The stakes for the United States in Middle East progress toward peace have grown dramatically in the last five years as the Bush and Clinton administrations have assumed responsibility for peacemaking in the Arab-Israeli arena and peacekeeping in the Gulf. Our involvement in the Middle East has never been greater. The peace process requires attention, guidance and, at times, intervention. In the Gulf, the navy's 20 or so Fifth Fleet ships and the Central Command's rapid deployment force--with some 20,000 sailors, marines, soldiers and airmen on station--patrol the area constantly. There are no precise estimates, but the annual cost is many billions of dollars for Middle East activities. Yet how long the work may take and how much more will be required of the United States cannot be measured. The investment, already huge, is likely to grow.

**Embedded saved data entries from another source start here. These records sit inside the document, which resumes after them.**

(* Every $\mathbb{F}_q$-subplane of $\mathrm{PG}(2,q^n)$ external to $l_\infty$ is equivalent, under the stabiliser of $l_\infty$ in $\mathrm{PGL}(3,q^n)$, to $\pi_{\omega,\lambda}$ for some $\omega,\lambda\in\mathbb{F}_{q^n}$ such that $1,\omega,\lambda$ are linearly independent over $\mathbb{F}_q$. Every $\mathbb{F}_q$-subplane tangent to $l_\infty$ is equivalent under this stabiliser to $\pi_{\omega,0}$ for some $\omega\in\mathbb{F}_{q^n}\setminus\mathbb{F}_q$.
   Context: Points of $\mathrm{PG}(2,q^n)$ are written $(a,b,c)_{\mathbb{F}_{q^n}}$; $l_\infty$ is the line $c=0$. An $\mathbb{F}_q$-subplane is a set $\{(su+tv+wz)_{\mathbb{F}_{q^n}}:(s,t,w)\in\mathbb{F}_q^3\setminus\{0\}\}$ for $\mathbb{F}_{q^n}$-independent $u,v,z\in\mathbb{F}_{q^n}^3$; it is external to $l_\infty$ if it has no point on $l_\infty$ and tangent if exactly one. For $\omega,\lambda\in\mathbb{F}_{q^n}$, $\pi_{\omega,\lambda}=\{(s,u,s\lambda+u\omega+t)_{\mathbb{F}_{q^n}}:(s,t,u)\in\mathbb{F}_q^3\setminus\{0\}\}$, the $\mathbb{F}_q$-subplane determined by the vectors $(1,0,\lambda),(0,1,\omega),(0,0,1)$. *)

From HB Require Import structures.
From mathcomp Require Import all_boot all_order all_algebra all_field.
Set Implicit Arguments. Unset Strict Implicit. Unset Printing Implicit Defensive.
Import GRing.Theory.
Local Open Scope ring_scope.

(* F plays the role of F_q (a finite field), L the role of F_{q^n}, a finite
   dimensional extension of F (n = \dim {:L}).
   Points of PG(2,L) are represented by nonzero row vectors in 'rV[L]_3
   (homogeneous coordinates (a,b,c)); a collineation in PGL(3,L) is
   represented by an invertible matrix M acting by x |-> x *m M
   (scalar matrices act trivially on points). *)

Section PG2.
Variables (F : finFieldType) (L : fieldExtType F).

Definition vec3 (a b c : L) : 'rV[L]_3 := \row_(i < 3) [:: a; b; c]`_i.

Definition comb (u v z : 'rV[L]_3) (s t w : F) : 'rV[L]_3 :=
  s%:A *: u + t%:A *: v + w%:A *: z.

Definition subplane_pt (u v z : 'rV[L]_3) (x : 'rV[L]_3) : Prop :=
  x != 0 /\ exists (c : L) (s t w : F), (s, t, w) != (0, 0, 0) /\
                                     x = c *: comb u v z s t w.

Definition on_linf (x : 'rV[L]_3) : Prop := x ord0 ord_max = 0.

Definition same_point (x y : 'rV[L]_3) : Prop := exists c : L, c != 0 /\ y = c *: x.

Definition external (u v z : 'rV[L]_3) : Prop :=
  forall x, subplane_pt u v z x -> ~ on_linf x.

Definition tangent (u v z : 'rV[L]_3) : Prop :=
  exists p, [/\ subplane_pt u v z p, on_linf p &
     forall x, subplane_pt u v z x -> on_linf x -> same_point p x].

Definition stab_linf (M : 'M[L]_3) : Prop :=
  M \in unitmx /\ forall x, on_linf x -> on_linf (x *m M).

Definition equiv_linf (P Q : 'rV[L]_3 -> Prop) : Prop :=
  exists M, stab_linf M /\ forall x, P x <-> Q (x *m M).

As long as Arab-Israeli peace is a realistic possibility and the region's leadership is committed to a sense-making process to achieve it, there can be little question about the correctness of American policy in support of efforts to achieve that outcome. In the Gulf, however, there can be little doubt that U.S. policy is flawed and badly in need of fundamental reappraisal.
In the Arab-Israeli arena, slowly, ever so slowly, peacemaking has made headway. After a round of rhetorical fanfare in 1991, two years of negotiations appeared to produce little until Israel and the P.L.O. announced the first Oslo agreement. The signing on the White House lawn in 1993 featured the famous Arafat-Rabin handshake as President Clinton smiled benignly--a dramatic signal that an end to generations of Israeli- Palestinian hostility might at last be possible.

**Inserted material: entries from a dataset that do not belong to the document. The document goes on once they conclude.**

(* The operator $\widetilde{R}$ is well-defined on circuits modulo $A$: for all circuits $c,d:a\to b$, if $c$ and $d$ are equal modulo $A$, then $\widetilde{R}[c]$ and $\widetilde{R}[d]$ are equal modulo $A$.
   Context: A circuit is a morphism of the free symmetric strict monoidal category whose objects are natural numbers (tensor = addition) generated by $\mathsf{discard}:1\to 0$, $\mathsf{copy}:1\to 2$, $\mathsf{zero}:0\to1$, $\mathsf{add}:2\to1$, $\mathsf{one}:0\to 1$, $\mathsf{and}:2\to 1$. Composition is diagrammatic ($f;g$ = first $f$ then $g$), $\sigma_{m,n}$ is the symmetry $m+n\to n+m$ ($\sigma=\sigma_{1,1}$), $\mathsf{copy}_n:n\to 2n$, $\mathsf{discard}_n:n\to0$ are the evident composites. $A$ is the set of equations: $\mathsf{copy};\sigma=\mathsf{copy}$; $\mathsf{copy};(\mathsf{copy}\otimes \mathrm{id}_1)=\mathsf{copy};(\mathrm{id}_1\otimes\mathsf{copy})$; $\mathsf{copy};(\mathsf{discard}\otimes\mathrm{id}_1)=\mathrm{id}_1$; for every circuit $f:a\to b$, $f;\mathsf{copy}_b=\mathsf{copy}_a;(f\otimes f)$ and $f;\mathsf{discard}_b=\mathsf{discard}_a$; commutativity, associativity and unit laws for $(\mathsf{add},\mathsf{zero})$ and for $(\mathsf{and},\mathsf{one})$; $\mathsf{copy};\mathsf{add}=\mathsf{discard};\mathsf{zero}$; and distributivity $(\mathrm{id}_1\otimes\mathsf{add});\mathsf{and}=(\mathsf{copy}\otimes\mathrm{id}_2);(\mathrm{id}_1\otimes\sigma\otimes\mathrm{id}_1);(\mathsf{and}\otimes\mathsf{and});\mathsf{add}$. ''Equal modulo $A$'' means related by the smallest congruence (w.r.t. composition and tensor, and including the symmetric monoidal laws) containing $A$. For each circuit $f:a\to b$ the circuit $\widetilde{R}[f]:a+b\to a$ is defined inductively (it is the syntactic reverse derivative, computing $(x,\delta)\mapsto J_f(x)^{T}\delta$): on generators, $\widetilde{R}[\mathsf{discard}]=\mathsf{discard};\mathsf{zero}$; $\widetilde{R}[\mathsf{copy}]=\mathsf{discard}\otimes\mathsf{add}$; $\widetilde{R}[\mathsf{zero}]=\mathsf{discard}$; $\widetilde{R}[\mathsf{one}]=\mathsf{discard}$; $\widetilde{R}[\mathsf{add}]=\mathsf{discard}\otimes\mathsf{discard}\otimes\mathsf{copy}$; $\widetilde{R}[\mathsf{and}]=(\sigma\otimes\mathsf{copy});(\mathrm{id}_1\otimes\sigma\otimes\mathrm{id}_1);(\mathsf{and}\otimes\mathsf{and})$ (i.e. $(x_1,x_2,\delta)\mapsto(x_2\delta,x_1\delta)$); on identities and symmetries, $\widetilde{R}[\mathrm{id}_n]=\mathsf{discard}_n\otimes\mathrm{id}_n$ and $\widetilde{R}[\sigma_{m,n}]=\mathsf{discard}_{m+n}\otimes\sigma_{n,m}$; for $f:a\to b$, $g:b\to c$, $\widetilde{R}[f;g]=(\mathsf{copy}_a\otimes\mathrm{id}_c);(\mathrm{id}_a\otimes f\otimes \mathrm{id}_c);(\mathrm{id}_a\otimes\widetilde{R}[g]);\widetilde{R}[f]$; for $f:a\to b$, $g:c\to d$, $\widetilde{R}[f\otimes g]=(\mathrm{id}_a\otimes\sigma_{c,b}\otimes\mathrm{id}_d);(\widetilde{R}[f]\otimes\widetilde{R}[g])$. *)

(* Circuits = terms of the free symmetric strict monoidal category
   (objects: nat, tensor = +) on the given generators, presented as raw syntax
   with computed domain/codomain and a well-typedness predicate. *)
From Stdlib Require Import Arith.

Inductive gen : Type :=
| g_discard | g_copy | g_zero
| g_add | g_one | g_and .

Definition gen_dom (x : gen) : nat :=
  match x with
  | g_discard => 1 | g_copy => 1 | g_zero => 0
  | g_add => 2 | g_one => 0 | g_and => 2
  end.

Definition gen_cod (x : gen) : nat :=
  match x with
  | g_discard => 0 | g_copy => 2 | g_zero => 1
  | g_add => 1 | g_one => 1 | g_and => 1
  end.

Inductive circ : Type :=
| Gen  : gen -> circ
| Id   : nat -> circ
| Sym  : nat -> nat -> circ
| Comp : circ -> circ -> circ        (* f ; g  (diagrammatic) *)
| Tens : circ -> circ -> circ.

Fixpoint dom (f : circ) : nat :=
  match f with
  | Gen x => gen_dom x
  | Id n => n
  | Sym m n => m + n
  | Comp f _ => dom f
  | Tens f g => dom f + dom g
  end.

Fixpoint cod (f : circ) : nat :=
  match f with
  | Gen x => gen_cod x
  | Id n => n
  | Sym m n => n + m
  | Comp _ g => cod g
  | Tens f g => cod f + cod g
  end.

Fixpoint wt (f : circ) : Prop :=
  match f with
  | Gen _ | Id _ | Sym _ _ => True
  | Comp f g => wt f /\ wt g /\ cod f = dom g
  | Tens f g => wt f /\ wt g
  end.

Definition is_circuit (a b : nat) (f : circ) : Prop :=
  wt f /\ dom f = a /\ cod f = b.

Notation discard := (Gen g_discard).
Notation copy := (Gen g_copy).
Notation zero := (Gen g_zero).
Notation add := (Gen g_add).
Notation one := (Gen g_one).
Notation and_g := (Gen g_and).
Notation sigma := (Sym 1 1).

(* copy_n : n -> n+n, (x) |-> (x, x) *)
Fixpoint copy_n (n : nat) : circ :=
  match n with
  | 0 => Id 0
  | S n => Comp (Tens copy (copy_n n)) (Tens (Tens (Id 1) (Sym 1 n)) (Id n))
  end.

Fixpoint discard_n (n : nat) : circ :=
  match n with
  | 0 => Id 0
  | S n => Tens discard (discard_n n)
  end.

Inductive ax : circ -> circ -> Prop :=
| ax_assoc f g h : ax (Comp (Comp f g) h) (Comp f (Comp g h))
| ax_idl f : ax (Comp (Id (dom f)) f) f
| ax_idr f : ax (Comp f (Id (cod f))) f
| ax_interchange f g h k : ax (Tens (Comp f g) (Comp h k)) (Comp (Tens f h) (Tens g k))
| ax_tens_id m n : ax (Tens (Id m) (Id n)) (Id (m + n))
| ax_tens_assoc f g h : ax (Tens (Tens f g) h) (Tens f (Tens g h))
| ax_tens_unitl f : ax (Tens (Id 0) f) f
| ax_tens_unitr f : ax (Tens f (Id 0)) f
| ax_sym_inv m n : ax (Comp (Sym m n) (Sym n m)) (Id (m + n))
| ax_sym_nat f g : ax (Comp (Tens f g) (Sym (cod f) (cod g)))
                      (Comp (Sym (dom f) (dom g)) (Tens g f))
| ax_sym_hex1 m n p : ax (Sym m (n + p)) (Comp (Tens (Sym m n) (Id p)) (Tens (Id n) (Sym m p)))
| ax_sym_hex2 m n p : ax (Sym (m + n) p) (Comp (Tens (Id m) (Sym n p)) (Tens (Sym m p) (Id n)))
| ax_sym_unitl n : ax (Sym 0 n) (Id n)
| ax_sym_unitr n : ax (Sym n 0) (Id n)
| A_copy_comm : ax (Comp copy sigma) copy
| A_copy_assoc : ax (Comp copy (Tens copy (Id 1))) (Comp copy (Tens (Id 1) copy))
| A_copy_unit : ax (Comp copy (Tens discard (Id 1))) (Id 1)
| A_copy_nat f : ax (Comp f (copy_n (cod f))) (Comp (copy_n (dom f)) (Tens f f))
| A_discard_nat f : ax (Comp f (discard_n (cod f))) (discard_n (dom f))
| A_add_comm : ax (Comp sigma add) add
| A_add_assoc : ax (Comp (Tens add (Id 1)) add) (Comp (Tens (Id 1) add) add)
| A_add_unitl : ax (Comp (Tens zero (Id 1)) add) (Id 1)
| A_add_unitr : ax (Comp (Tens (Id 1) zero) add) (Id 1)
| A_and_comm : ax (Comp sigma and_g) and_g
| A_and_assoc : ax (Comp (Tens and_g (Id 1)) and_g) (Comp (Tens (Id 1) and_g) and_g)
| A_and_unitl : ax (Comp (Tens one (Id 1)) and_g) (Id 1)
| A_and_unitr : ax (Comp (Tens (Id 1) one) and_g) (Id 1)
| A_copy_add : ax (Comp copy add) (Comp discard zero)
| A_distr : ax (Comp (Tens (Id 1) add) and_g)
               (Comp (Comp (Comp (Tens copy (Id 2)) (Tens (Tens (Id 1) sigma) (Id 1)))
                           (Tens and_g and_g)) add).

A peace treaty between Israel and Jordan followed. Then Yasser Arafat and Yitzhak Rabin signed a new set of accords--Oslo II. (It was at a Tel Aviv rally to celebrate the achievements that a Jewish fundamentalist murdered Rabin.) The new accords contained details of self-rule for Palestinians living in the occupied West Bank as well as for those who had already achieved autonomy in Gaza. Israel's army withdrew from all but one major West Bank city, Hebron, and Palestinian elections in January confirmed that the peace process was producing results.
Before the Hamas terrorist bombings, there could be little doubt about the quality of the progress. Most seasoned observers of Middle East affairs regarded the achievements as of historic importance. Many considered the advances more or less permanent and some even saw a comprehensive peace as all but inevitable.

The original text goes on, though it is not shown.